Picture 3 of 4 exercises to help the elderly reduce musculoskeletal pain
Elderly weightlifters should have the guidance of experts to avoid injury to the body.

3. Exercises to increase endurance

Endurance exercises can improve cardiovascular health, help older people control their weight and improve endurance and provide more energy.

Exercises that can increase endurance with low intensity include:

  1. Walking : Walking is a gentle form of exercise that can help regulate the body, improve bones and joints. Older people should choose suitable shoes when walking and supplementing with water. Remember to walk slowly and then speed up when possible.
  2. Bicycling : Older people who have joint problems also have a risk of cardiovascular disease. So it is important to keep your heart as healthy as possible. Riding on the spot is a safe way to help improve joints and the heart.

Picture 4 of 4 exercises to help the elderly reduce musculoskeletal pain
Cycling is a good form of exercise for joints and cardiovascular system of the elderly.(Illustration).

  1. Swimming: Water helps support body weight so underwater activities like swimming may not have a strong impact on the joints. Swimming can increase flexibility, expand the range of motion and regulate breathing. In addition, it can also reduce stress and stiffness.

4. Other activities

Any type of movement, even small, can contribute to improving muscle - bone - joints. Everyday activities like gardening, cooking and walking the dog also have a significant impact on health.

The note when campaigning

Maintain regularly : Elderly people need regular exercise to achieve good results. If there are uncomfortable days, adjust the intensity accordingly.

Choose comfortable exercise: The following methods can help older people to exercise more comfortably with less risk of injury:

  1. Choose the right shoes to protect your feet and ensure comfort.
  2. Use non-slip yoga mats.
  3. Wear comfortable clothes that sweat quickly.
  4. Listening to music can provide motivation for practice and relaxation.

Diverse exercises: Should combine many different exercises to avoid boredom as well as to avoid making a certain muscle - bone - joints work excessively. For example, you can do yoga 2 times / week, weight training 1 times / week, cycling 1 time / week.

Adjust exercises by symptoms: If the body is not comfortable, can reduce the intensity of exercise. Intermingle high-intensity exercises with light exercises.

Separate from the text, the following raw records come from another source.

Lemma small_dot_zero (g : vec k) x :
  smallat (fun y => dot g (vsub y x)) x -> forall i, g i = 0.
Proof.
move=> Hg i; apply: NNPP => Hgi; have Hp := Rabs_pos_lt _ Hgi.
have [d [Hd K]] := Hg (Rabs (g i) / 2) ltac:(lra).
pose e : vec k := fun j => if j == i then d / 2 else 0.
have Hdot : dot g e = g i * (d / 2).
  rewrite -(sumR_delta i (g i * (d / 2))); apply: sumR_ext => j.
  by rewrite /e; case: (eqVneq j i) => [->|_]; ring.
have Hnorm : vnorm e = d / 2.
  rewrite /vnorm /dot -(sqrt_Rsqr (d / 2)); last lra.
  congr sqrt; rewrite -(sumR_delta i (Rsqr (d / 2))); apply: sumR_ext => j.
  by rewrite /e /Rsqr; case: (eqVneq j i) => _; ring.
have Ey : vsub (fun j => x j + e j) x = e.
  by apply: functional_extensionality => j; rewrite /vsub; ring.
have := K (fun j => x j + e j); rewrite Ey Hnorm Hdot Rabs_mult (Rabs_pos_eq (d / 2)); last lra.
move/(_ ltac:(lra)); nra.
Qed.

Lemma grad_unique F x g1 g2 :
  has_grad F x g1 -> has_grad F x g2 -> forall i, g1 i = g2 i.
Proof.
move=> H1 H2 i.
suff /small_dot_zero/(_ i) : smallat (fun y => dot (vsub g1 g2) (vsub y x)) x.
  by rewrite /vsub; lra.
apply: (small_ext (F := fun y => (-1) * (F y - F x - dot g1 (vsub y x))
                                + (F y - F x - dot g2 (vsub y x)))).
  by move=> y; rewrite dot_sub_l; ring.
by apply: small_add => //; apply: small_scal.
Qed.

Lemma has_grad_ext F G x g g' :
  (forall y, F y = G y) -> (forall i, g i = g' i) -> has_grad F x g -> has_grad G x g'.
Proof.
move=> FG gg'.
have -> : G = F by apply: functional_extensionality => y; rewrite FG.
by have -> : g' = g by apply: functional_extensionality => i; rewrite gg'.
Qed.

Lemma has_grad_transfer F G x g :
  has_grad F x g -> smallat (fun y => G y - F y - (G x - F x)) x -> has_grad G x g.
Proof.
move=> HF HGF; apply: small_ext (small_add HF HGF) => y; ring.
Qed.

End LittleO.

Definition qsym n (Q : mat n) : mat n := fun i j => Q i j + Q j i.
Definition gq n (Q : mat n) (b x : vec n) : vec n := fun i => matvec (qsym Q) x i + b i.

Section Quadratics.
Variable n : nat.
Implicit Types (Q : mat n) (b d x y : vec n).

Listen to the body: In addition to maintaining physical activity, the elderly should also pay attention to avoid injury or discomfort. You should practice at a gradually increasing pace so that your body gets used to the intensity of the training. If exercise causes discomfort or any other health problem, stop and reduce the intensity. Rest when needed.

Nutritional supplement: In addition to exercise, nutritional supplements with calcium-rich foods such as milk, cheese, sardines, kale, fillet, etc. will help improve bone and joint, easy for movement.

Working with a physical therapist: Working with a physical therapist can be helpful in developing safe and appropriate exercise routines.